**Data for processing:**
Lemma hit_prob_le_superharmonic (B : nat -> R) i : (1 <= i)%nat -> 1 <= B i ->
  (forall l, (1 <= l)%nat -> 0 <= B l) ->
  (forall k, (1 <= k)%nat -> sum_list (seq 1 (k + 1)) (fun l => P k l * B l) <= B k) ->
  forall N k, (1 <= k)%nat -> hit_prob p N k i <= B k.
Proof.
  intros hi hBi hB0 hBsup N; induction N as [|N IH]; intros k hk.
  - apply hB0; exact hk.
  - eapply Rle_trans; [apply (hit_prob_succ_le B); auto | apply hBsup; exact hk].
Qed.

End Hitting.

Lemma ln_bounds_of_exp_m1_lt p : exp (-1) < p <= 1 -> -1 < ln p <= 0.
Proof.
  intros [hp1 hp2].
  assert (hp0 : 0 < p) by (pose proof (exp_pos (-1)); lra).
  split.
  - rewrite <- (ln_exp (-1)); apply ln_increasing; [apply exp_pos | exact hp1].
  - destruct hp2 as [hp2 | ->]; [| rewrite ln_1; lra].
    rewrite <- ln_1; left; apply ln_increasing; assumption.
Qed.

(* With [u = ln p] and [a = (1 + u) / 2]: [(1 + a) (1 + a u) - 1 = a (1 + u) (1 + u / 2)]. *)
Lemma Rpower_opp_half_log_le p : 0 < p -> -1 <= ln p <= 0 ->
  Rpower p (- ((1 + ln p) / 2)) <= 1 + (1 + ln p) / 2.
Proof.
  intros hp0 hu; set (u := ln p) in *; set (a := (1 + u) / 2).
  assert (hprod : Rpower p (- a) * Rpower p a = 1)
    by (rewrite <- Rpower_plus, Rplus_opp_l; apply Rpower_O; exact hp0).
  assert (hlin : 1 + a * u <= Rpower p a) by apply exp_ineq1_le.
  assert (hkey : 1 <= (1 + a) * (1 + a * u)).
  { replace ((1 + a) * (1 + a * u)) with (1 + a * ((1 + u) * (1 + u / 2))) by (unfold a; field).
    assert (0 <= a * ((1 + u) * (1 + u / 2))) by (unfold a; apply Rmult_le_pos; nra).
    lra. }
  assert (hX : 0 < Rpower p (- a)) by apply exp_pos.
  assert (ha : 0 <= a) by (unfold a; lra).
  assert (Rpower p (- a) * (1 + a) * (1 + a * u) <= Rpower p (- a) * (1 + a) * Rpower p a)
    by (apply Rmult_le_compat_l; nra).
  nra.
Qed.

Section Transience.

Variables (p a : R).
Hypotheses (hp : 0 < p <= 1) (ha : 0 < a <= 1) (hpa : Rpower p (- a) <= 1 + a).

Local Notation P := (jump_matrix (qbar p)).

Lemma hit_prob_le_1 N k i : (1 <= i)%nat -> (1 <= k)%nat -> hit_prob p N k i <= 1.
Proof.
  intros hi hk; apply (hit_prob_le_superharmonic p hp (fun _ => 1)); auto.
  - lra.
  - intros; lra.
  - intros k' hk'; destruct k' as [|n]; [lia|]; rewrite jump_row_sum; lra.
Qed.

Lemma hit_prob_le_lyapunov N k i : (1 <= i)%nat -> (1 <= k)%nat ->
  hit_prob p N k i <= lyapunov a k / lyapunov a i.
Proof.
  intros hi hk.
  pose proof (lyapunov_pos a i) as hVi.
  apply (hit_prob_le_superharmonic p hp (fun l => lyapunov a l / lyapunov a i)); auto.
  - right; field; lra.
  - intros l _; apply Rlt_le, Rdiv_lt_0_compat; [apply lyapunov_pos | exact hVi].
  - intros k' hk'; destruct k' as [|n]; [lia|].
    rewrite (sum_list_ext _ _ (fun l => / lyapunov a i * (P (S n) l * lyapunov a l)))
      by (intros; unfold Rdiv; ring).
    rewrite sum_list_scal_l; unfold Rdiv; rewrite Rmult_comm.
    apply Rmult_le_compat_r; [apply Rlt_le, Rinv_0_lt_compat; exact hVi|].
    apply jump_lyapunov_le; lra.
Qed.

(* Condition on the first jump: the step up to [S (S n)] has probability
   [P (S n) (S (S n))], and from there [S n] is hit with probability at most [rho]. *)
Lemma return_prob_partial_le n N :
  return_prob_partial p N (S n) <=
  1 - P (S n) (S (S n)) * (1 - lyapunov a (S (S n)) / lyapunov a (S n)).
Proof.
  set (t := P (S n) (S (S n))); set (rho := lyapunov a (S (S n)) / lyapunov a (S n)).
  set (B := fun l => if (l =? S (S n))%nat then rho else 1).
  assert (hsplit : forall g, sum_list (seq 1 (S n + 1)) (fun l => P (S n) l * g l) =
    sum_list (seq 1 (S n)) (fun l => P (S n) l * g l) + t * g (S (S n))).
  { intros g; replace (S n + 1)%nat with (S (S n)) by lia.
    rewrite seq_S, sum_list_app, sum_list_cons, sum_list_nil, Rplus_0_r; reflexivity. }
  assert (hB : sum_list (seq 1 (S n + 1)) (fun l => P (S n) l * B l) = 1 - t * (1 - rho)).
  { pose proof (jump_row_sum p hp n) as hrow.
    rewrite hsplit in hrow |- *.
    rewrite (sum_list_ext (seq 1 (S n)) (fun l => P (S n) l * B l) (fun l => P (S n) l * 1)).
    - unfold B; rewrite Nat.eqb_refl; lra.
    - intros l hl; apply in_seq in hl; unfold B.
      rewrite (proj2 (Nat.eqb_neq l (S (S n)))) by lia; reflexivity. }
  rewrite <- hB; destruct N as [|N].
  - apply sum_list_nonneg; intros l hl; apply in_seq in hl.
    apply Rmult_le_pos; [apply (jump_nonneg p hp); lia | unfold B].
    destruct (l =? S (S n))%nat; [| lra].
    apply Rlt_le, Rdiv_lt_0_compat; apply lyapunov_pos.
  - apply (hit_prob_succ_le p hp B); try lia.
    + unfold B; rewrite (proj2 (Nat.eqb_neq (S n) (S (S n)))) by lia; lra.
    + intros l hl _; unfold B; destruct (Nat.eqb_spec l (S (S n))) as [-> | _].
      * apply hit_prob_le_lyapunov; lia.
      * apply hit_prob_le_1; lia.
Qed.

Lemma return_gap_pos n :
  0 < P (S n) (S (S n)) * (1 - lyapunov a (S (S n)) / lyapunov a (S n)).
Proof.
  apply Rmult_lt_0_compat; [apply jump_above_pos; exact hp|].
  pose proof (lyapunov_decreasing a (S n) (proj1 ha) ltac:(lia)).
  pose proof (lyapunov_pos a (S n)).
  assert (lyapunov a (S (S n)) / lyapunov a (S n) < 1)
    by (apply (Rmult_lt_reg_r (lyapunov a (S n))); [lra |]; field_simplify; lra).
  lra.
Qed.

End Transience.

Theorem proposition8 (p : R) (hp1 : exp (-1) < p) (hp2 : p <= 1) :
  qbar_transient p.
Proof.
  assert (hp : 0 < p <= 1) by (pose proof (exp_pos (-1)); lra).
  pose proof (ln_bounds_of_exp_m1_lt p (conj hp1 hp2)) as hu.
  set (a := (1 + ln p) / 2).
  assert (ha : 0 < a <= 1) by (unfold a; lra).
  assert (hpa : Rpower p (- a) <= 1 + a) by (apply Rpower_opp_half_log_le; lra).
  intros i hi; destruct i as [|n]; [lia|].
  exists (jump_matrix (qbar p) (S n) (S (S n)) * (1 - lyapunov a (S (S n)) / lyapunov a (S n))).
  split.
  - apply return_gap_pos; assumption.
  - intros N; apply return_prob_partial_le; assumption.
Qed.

**What the task requires:**
Only what runs from the line containing "qbar_transient p." through the final line of the entries above belongs in the answer, restated exactly.

**Solution for this exercise:**
  qbar_transient p.
Proof.
  assert (hp : 0 < p <= 1) by (pose proof (exp_pos (-1)); lra).
  pose proof (ln_bounds_of_exp_m1_lt p (conj hp1 hp2)) as hu.
  set (a := (1 + ln p) / 2).
  assert (ha : 0 < a <= 1) by (unfold a; lra).
  assert (hpa : Rpower p (- a) <= 1 + a) by (apply Rpower_opp_half_log_le; lra).
  intros i hi; destruct i as [|n]; [lia|].
  exists (jump_matrix (qbar p) (S n) (S (S n)) * (1 - lyapunov a (S (S n)) / lyapunov a (S n))).
  split.
  - apply return_gap_pos; assumption.
  - intros N; apply return_prob_partial_le; assumption.
Qed.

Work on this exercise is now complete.